WORK TO COMPLETE:
Pull out every line with the word "only" from the entries below.
RECORDS FOR THE TASK START
(* Let $\varepsilon>0$ and $a\geq 0$ with $a+\varepsilon\leq 1$. If $\omega(1,1,a)=r$, then $\omega(1,1-\varepsilon,a+\varepsilon)\leq r$.
   Context: $\omega(x_1,x_2,x_3)$ denotes the exponent of rectangular matrix multiplication: multiplying an $n^{x_1}\times n^{x_2}$ matrix by an $n^{x_2}\times n^{x_3}$ matrix takes $n^{\omega(x_1,x_2,x_3)+o(1)}$ time (equivalently, arithmetic operations / tensor rank exponent). It is invariant under permuting its three arguments. *)

From HB Require Import structures.
From mathcomp Require Import all_boot all_order all_algebra.
From mathcomp Require Import all_classical all_reals all_analysis.
Set Implicit Arguments. Unset Strict Implicit. Unset Printing Implicit Defensive.
Import Order.TTheory GRing.Theory Num.Theory.
Local Open Scope ring_scope.
Local Open Scope classical_set_scope.

(* The matrix multiplication tensor <m,n,p> = sum_{i,j,l} x_{ij} y_{jl} z_{li}
   over the field F has rank <= k. *)
Definition mm_rank_le (F : fieldType) (m n p k : nat) : Prop :=
  exists (u : 'I_k -> 'I_m -> 'I_n -> F) (v : 'I_k -> 'I_n -> 'I_p -> F)
         (w : 'I_k -> 'I_p -> 'I_m -> F),
    forall (i : 'I_m) (j j' : 'I_n) (l l' : 'I_p) (i' : 'I_m),
      \sum_(s < k) u s i j * v s j' l * w s l' i'
        = ((j == j') && (l == l') && (i == i'))%:R.

Definition dimn (R : realType) (N : nat) (x : R) : nat := Num.truncn (N%:R `^ x).

Definition omega_set (F : fieldType) (R : realType) (x1 x2 x3 : R) : set R :=
  [set tau | exists C : R, forall N : nat, (0 < N)%N ->
     exists k : nat, mm_rank_le F (dimn N x1) (dimn N x2) (dimn N x3) k
                     /\ k%:R <= C * N%:R `^ tau].

Definition omega (F : fieldType) (R : realType) (x1 x2 x3 : R) : R :=
  inf (omega_set F x1 x2 x3).

From HB Require Import structures.
From mathcomp Require Import all_boot all_order all_algebra.
From mathcomp Require Import all_classical all_reals all_analysis.
From mathcomp Require Import ring lra.
Import Order.TTheory GRing.Theory Num.Theory.
Set Implicit Arguments. Unset Strict Implicit.
Local Open Scope ring_scope.

(* Write n = x * y with x = n ^ (1 - t), y = n ^ t and t = eps / (1 - a).
   Tensoring a decomposition of <x, x, x ^ a> with the cyclic shift
   <y, y ^ a, y> of a decomposition of <y, y, y ^ a> decomposes
   <x y, x y ^ a, x ^ a y> = <n, n ^ (1 - eps), n ^ (a + eps)>, with rank the
   product of the ranks, i.e. O(x ^ tau * y ^ tau) = O(n ^ tau).  So every
   exponent valid for (1, 1, a) is valid for (1, 1 - eps, a + eps), and the
   infimum can only decrease.  Rounding x and y to integers costs constant
   factors only. *)

Section Decompositions.
Variable F : fieldType.

(* [mm_rank_le] over arbitrary finite index types, which is closed under
   products and cyclic shifts of the index types. *)
Definition mm_decomp (S I J L : finType) : Prop :=
  exists (u : S -> I -> J -> F) (v : S -> J -> L -> F) (w : S -> L -> I -> F),
    forall (i : I) (j j' : J) (l l' : L) (i' : I),
      \sum_(s : S) u s i j * v s j' l * w s l' i'
        = ((j == j') && (l == l') && (i == i'))%:R.

Lemma mm_decomp_cycle (S I J L : finType) :
  mm_decomp S I J L -> mm_decomp S J L I.
Proof.
move=> [u [v [w uvw]]]; exists v, w, u => j l l' i i' j'.
transitivity (\sum_s u s i' j' * v s j l * w s l' i).
  by apply: eq_bigr => s _; rewrite mulrC mulrA.
rewrite uvw (eq_sym i') (eq_sym j').
by case: (j == j'); case: (l == l'); case: (i == i').
Qed.

Lemma mm_decomp_tensor (S1 I1 J1 L1 S2 I2 J2 L2 : finType) :
  mm_decomp S1 I1 J1 L1 -> mm_decomp S2 I2 J2 L2 ->
  mm_decomp (S1 * S2)%type (I1 * I2)%type (J1 * J2)%type (L1 * L2)%type.
Proof.
move=> [u1 [v1 [w1 uvw1]]] [u2 [v2 [w2 uvw2]]].
exists (fun s i j => u1 s.1 i.1 j.1 * u2 s.2 i.2 j.2).
exists (fun s j l => v1 s.1 j.1 l.1 * v2 s.2 j.2 l.2).
exists (fun s l i => w1 s.1 l.1 i.1 * w2 s.2 l.2 i.2).
move=> [i1 i2] [j1 j2] [j1' j2'] [l1 l2] [l1' l2'] [i1' i2'] /=.
transitivity ((\sum_(s1 : S1) u1 s1 i1 j1 * v1 s1 j1' l1 * w1 s1 l1' i1') *
              \sum_(s2 : S2) u2 s2 i2 j2 * v2 s2 j2' l2 * w2 s2 l2' i2').
  by rewrite big_distrlr pair_bigA; apply: eq_bigr => s _ /=; ring.
rewrite uvw1 uvw2 !xpair_eqE -natrM.
by case: (j1 == j1'); case: (j2 == j2'); case: (l1 == l1'); case: (l2 == l2');
   case: (i1 == i1'); case: (i2 == i2').
Qed.

Lemma mm_decomp_trivial (I J L : finType) : mm_decomp (I * J * L)%type I J L.
Proof.
exists (fun s i j => ((s.1.1 == i) && (s.1.2 == j))%:R).
exists (fun s j l => ((s.1.2 == j) && (s.2 == l))%:R).
exists (fun s l i => ((s.2 == l) && (s.1.1 == i))%:R).
move=> i j j' l l' i'; rewrite (bigD1 (i, j, l)) //= big1 ?addr0.
  by rewrite !eqxx -!natrM; case: (j == j'); case: (l == l'); case: (i == i').
move=> [[i0 j0] l0] /negbTE; rewrite !xpair_eqE /=.
by case: (i0 == i); case: (j0 == j); case: (l0 == l) => //= _;
   rewrite ?andbF ?(mul0r, mulr0).
Qed.

Lemma mm_rank_le_decomp m n p k :
  mm_rank_le F m n p k -> mm_decomp 'I_k 'I_m 'I_n 'I_p.
Proof. by []. Qed.

Lemma ord_inj_of_le_card (T : finType) m :
  (m <= #|T|)%N -> exists f : 'I_m -> T, injective f.
Proof.
move=> m_le; exists (fun i => enum_val (widen_ord m_le i)).
by move=> i i' /enum_val_inj /(congr1 val) /= /val_inj.
Qed.

(* Restriction along injections of the index types preserves the Kronecker
   deltas. *)
Lemma mm_decomp_rank_le (S I J L : finType) m n p : mm_decomp S I J L ->
  (m <= #|I|)%N -> (n <= #|J|)%N -> (p <= #|L|)%N -> mm_rank_le F m n p #|S|.
Proof.
move=> [u [v [w uvw]]] /ord_inj_of_le_card [fI fI_inj]
  /ord_inj_of_le_card [fJ fJ_inj] /ord_inj_of_le_card [fL fL_inj].
exists (fun s i j => u (enum_val s) (fI i) (fJ j)).
exists (fun s j l => v (enum_val s) (fJ j) (fL l)).
exists (fun s l i => w (enum_val s) (fL l) (fI i)).
move=> i j j' l l' i'.
by rewrite -(big_enum_val (fun s => u s _ _ * v s _ _ * w s _ _)) uvw !inj_eq.
Qed.

Lemma mm_rank_le_cycle m n p k : mm_rank_le F m n p k -> mm_rank_le F n p m k.
Proof.
move/mm_rank_le_decomp/mm_decomp_cycle/mm_decomp_rank_le.
by rewrite !card_ord; apply.
Qed.

Lemma mm_rank_le_mul m1 n1 p1 k1 m2 n2 p2 k2 m n p :
  mm_rank_le F m1 n1 p1 k1 -> mm_rank_le F m2 n2 p2 k2 ->
  (m <= m1 * m2)%N -> (n <= n1 * n2)%N -> (p <= p1 * p2)%N ->
  mm_rank_le F m n p (k1 * k2).
Proof.
move=> /mm_rank_le_decomp D1 /mm_rank_le_decomp D2.
have := mm_decomp_rank_le (mm_decomp_tensor D1 D2).
by rewrite !card_prod !card_ord; apply.
Qed.

Lemma mm_rank_le_trivial m n p : mm_rank_le F m n p (m * n * p).
Proof.
have := mm_decomp_rank_le (mm_decomp_trivial 'I_m 'I_n 'I_p).
by rewrite !card_prod !card_ord; apply.
Qed.

Lemma mm_rank_le_gt0 m n p k : (0 < m)%N -> (0 < n)%N -> (0 < p)%N ->
  mm_rank_le F m n p k -> (0 < k)%N.
Proof.
case: m n p => [|m] [|n] [|p] // _ _ _ [u [v [w uvw]]].
case: k u v w uvw => // u v w /(_ ord0 ord0 ord0 ord0 ord0 ord0).
by rewrite big_ord0 !eqxx => /eqP; rewrite eq_sym oner_eq0.
Qed.

End Decompositions.

Section RealBounds.
Variable R : realType.
Implicit Types (a b c eps x y tau : R) (M N K : nat).

Lemma powR_ge1 x b : 1 <= x -> 0 <= b -> 1 <= x `^ b.
Proof. by move=> x_ge1 b_ge0; rewrite -(powRr0 x); apply: ler_powR. Qed.

Lemma dimn1 N : dimn N (1 : R) = N.
Proof. by rewrite /dimn powRr1 // natrK. Qed.

Lemma dimn_le N b : (dimn N b)%:R <= N%:R `^ b :> R.
Proof. by rewrite /dimn truncn_le powR_ge0. Qed.

Lemma dimn_gt0 N b : (0 < N)%N -> 0 <= b -> (0 < dimn N b)%N.
Proof. by move=> N_gt0 b_ge0; rewrite /dimn truncn_gt0 powR_ge1 ?ler1n. Qed.

Lemma dimn_ge_half N b :
  (0 < N)%N -> 0 <= b -> N%:R `^ b / 2 <= (dimn N b)%:R.
Proof.
move=> N_gt0 b_ge0; have := truncnS_gt (N%:R `^ b : R).
have : 1 <= (dimn N b)%:R :> R by rewrite ler1n dimn_gt0.
by rewrite /dimn -addn1 natrD; lra.
Qed.

Lemma exists_nat_between x :
  1 <= x -> exists M, 2 * x <= M%:R /\ M%:R <= 4 * x.
Proof.
move=> x_ge1; exists (2 * (Num.truncn x).+1)%N.
have := truncnS_gt x; have : (Num.truncn x)%:R <= x by rewrite truncn_le; lra.
by rewrite natrM -addn1 natrD; lra.
Qed.

Lemma powR_le_comparable c x y tau : 0 < x -> x <= y -> y <= c * x ->
  y `^ tau <= (c `^ tau + 1) * x `^ tau.
Proof.
move=> x_gt0 xy yc.
have c_ge0 : 0 <= c by rewrite -(pmulr_lge0 _ x_gt0); lra.
have x_tau_ge0 := powR_ge0 x tau.
have c_tau_ge0 := powR_ge0 c tau.
have [tau_ge0|tau_lt0] := leP 0 tau.
  have : y `^ tau <= (c * x) `^ tau.
    by apply: ge0_ler_powR; rewrite ?nnegrE //; lra.
  by rewrite powRM //; nra.
suff : y `^ tau <= x `^ tau by nra.
rewrite -[tau]opprK (powRN y (- tau)) (powRN x (- tau)).
rewrite lef_pV2 ?posrE ?powR_gt0 //; try lra.
apply: ge0_ler_powR; rewrite ?nnegrE //; lra.
Qed.

Lemma mul_powR_le_dimn a x y M K : 0 <= a -> 0 <= x -> 2 * x <= M%:R ->
  1 <= y -> 2 * y <= K%:R -> x * y `^ a <= M%:R * (dimn K a)%:R.
Proof.
move=> a_ge0 x_ge0 xM y_ge1 yK.
have K_gt0 : (0 < K)%N by rewrite -(ltr0n R); lra.
have y_le : y `^ a <= K%:R `^ a by apply: ge0_ler_powR; rewrite ?nnegrE //; lra.
have := dimn_ge_half K_gt0 a_ge0; have := powR_ge0 y a.
by nra.
Qed.

Lemma exists_size_split eps a N :
  0 < eps -> 0 <= a -> a + eps <= 1 -> (0 < N)%N ->
  exists M K, [/\ (N <= M * K)%N, (M * K <= 16 * N)%N,
    (dimn N (1 - eps) <= M * dimn K a)%N &
    (dimn N (a + eps) <= dimn M a * K)%N].
Proof.
move=> eps_gt0 a_ge0 a_eps_le1 N_gt0.
set n : R := N%:R.
have n_ge1 : 1 <= n by rewrite ler1n.
have n_neq0 : n != 0 by rewrite gt_eqF //; lra.
pose t := eps / (1 - a).
have t_eps : t * (1 - a) = eps by rewrite /t mulfVK // gt_eqF //; lra.
have t_ge0 : 0 <= t by rewrite /t divr_ge0 //; lra.
have t_le1 : t <= 1 by rewrite /t ler_pdivrMr ?mul1r //; lra.
pose x := n `^ (1 - t); pose y := n `^ t.
have x_ge1 : 1 <= x by apply: powR_ge1; lra.
have y_ge1 : 1 <= y by apply: powR_ge1.
have n_xy : n = x * y.
  by rewrite -powRD ?n_neq0 ?implybT // subrK powRr1 //; lra.
have n_1eps : n `^ (1 - eps) = x * y `^ a.
  by rewrite -powRrM -powRD ?n_neq0 ?implybT // -t_eps; congr (_ `^ _); ring.
have n_aeps : n `^ (a + eps) = y * x `^ a.
  by rewrite -powRrM -powRD ?n_neq0 ?implybT // -t_eps; congr (_ `^ _); ring.
clearbody x y t.
have [M [xM Mx]] := exists_nat_between x_ge1.
have [K [yK Ky]] := exists_nat_between y_ge1.
have n_le_MK : n <= M%:R * K%:R by rewrite n_xy; apply: ler_pM; lra.
have MK_le_n : M%:R * K%:R <= 16 * n.
  rewrite n_xy (_ : 16 * (x * y) = (4 * x) * (4 * y)); last by ring.
  by apply: ler_pM; lra.
exists M, K; split; rewrite -(ler_nat R) ?natrM //.
- apply: le_trans (dimn_le _ _) _; rewrite -/n n_1eps.
  by apply: mul_powR_le_dimn => //; lra.
- rewrite mulrC; apply: le_trans (dimn_le _ _) _; rewrite -/n n_aeps.
  by apply: mul_powR_le_dimn => //; lra.
Qed.

End RealBounds.

Section ExponentSets.
Variables (F : fieldType) (R : realType).
Implicit Types (a eps tau : R).

Lemma omega_set_ge0 (x1 x2 x3 : R) tau : 0 <= x1 -> 0 <= x2 -> 0 <= x3 ->
  omega_set F x1 x2 x3 tau -> 0 <= tau.
Proof.
move=> x1_ge0 x2_ge0 x3_ge0 [C HC].
have rank_ge1 N : (0 < N)%N -> 1 <= C * N%:R `^ tau.
  move=> N_gt0; have [k [rk k_le]] := HC N N_gt0.
  apply: le_trans k_le; rewrite ler1n.
  by apply: mm_rank_le_gt0 rk; apply: dimn_gt0.
rewrite leNgt; apply/negP => tau_lt0.
have C_ge1 : 1 <= C by have := rank_ge1 1%N isT; rewrite powR1 mulr1.
have p_gt0 : 0 < - tau by rewrite oppr_gt0.
pose N := (Num.truncn (C `^ (- tau)^-1)).+1.
have C_lt : C < N%:R `^ (- tau).
  have := @gt0_ltr_powR R (- tau) p_gt0 (C `^ (- tau)^-1) N%:R.
  rewrite !nnegrE powR_ge0 ler0n -powRrM mulVf ?gt_eqF // powRr1; last lra.
  by apply=> //; apply: truncnS_gt.
have := rank_ge1 N isT; rewrite -[tau]opprK powRN.
by rewrite ler_pdivlMr ?powR_gt0 // mul1r; lra.
Qed.

Lemma omega_set_trivial (x1 x2 x3 : R) : 0 <= x1 -> 0 <= x2 -> 0 <= x3 ->
  omega_set F x1 x2 x3 (x1 + x2 + x3).
Proof.
move=> x1_ge0 x2_ge0 x3_ge0; exists 1 => N N_gt0.
exists (dimn N x1 * dimn N x2 * dimn N x3)%N.
split; first exact: mm_rank_le_trivial.
have N_neq0 : N%:R != 0 :> R by rewrite pnatr_eq0 -lt0n.
rewrite mul1r !powRD ?N_neq0 ?implybT // !natrM.
by rewrite ler_pM ?mulr_ge0 ?ler_pM ?dimn_le.
Qed.

Lemma omega_set_shift eps a tau : 0 < eps -> 0 <= a -> a + eps <= 1 ->
  omega_set F 1 1 a tau -> omega_set F 1 (1 - eps) (a + eps) tau.
Proof.
move=> eps_gt0 a_ge0 a_eps_le1 [C HC].
exists (C * C * (16 `^ tau + 1)) => N N_gt0.
have [M [K [N_le_MK MK_le_N dim_1eps dim_aeps]]] :=
  exists_size_split eps_gt0 a_ge0 a_eps_le1 N_gt0.
have /andP[M_gt0 K_gt0] : (0 < M)%N && (0 < K)%N.
  by rewrite -muln_gt0 (leq_trans N_gt0).
have [k1 [rk1 k1_le]] := HC M M_gt0; rewrite dimn1 in rk1.
have [k2 [rk2 k2_le]] := HC K K_gt0; rewrite dimn1 in rk2.
exists (k1 * k2)%N; split.
  by apply: mm_rank_le_mul rk1 (mm_rank_le_cycle rk2) _ _ _; rewrite ?dimn1.
rewrite natrM; apply: le_trans (ler_pM (ler0n _ _) (ler0n _ _) k1_le k2_le) _.
rewrite mulrACA -powRM ?ler0n // -[leRHS]mulrA.
apply: ler_wpM2l; first by rewrite -expr2 sqr_ge0.
by apply: powR_le_comparable; rewrite -?natrM ?ltr0n ?ler_nat.
Qed.

End ExponentSets.

Unset Implicit Arguments.
Theorem theorem9 (F : fieldType) (R : realType) (eps a r : R) :
  0 < eps -> 0 <= a -> a + eps <= 1 ->
  omega F 1 1 a = r -> omega F 1 (1 - eps) (a + eps) <= r.
Proof.
move=> eps_gt0 a_ge0 a_eps_le1 <-.
apply: lb_le_inf; first by exists (1 + 1 + a); apply: omega_set_trivial.
move=> tau tau_in; apply: ge_inf; last exact: omega_set_shift.
by exists 0 => sigma; apply: omega_set_ge0; lra.
Qed.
RECORDS FOR THE TASK END
EXERCISE RESULT:
   infimum can only decrease.  Rounding x and y to integers costs constant
   factors only. *)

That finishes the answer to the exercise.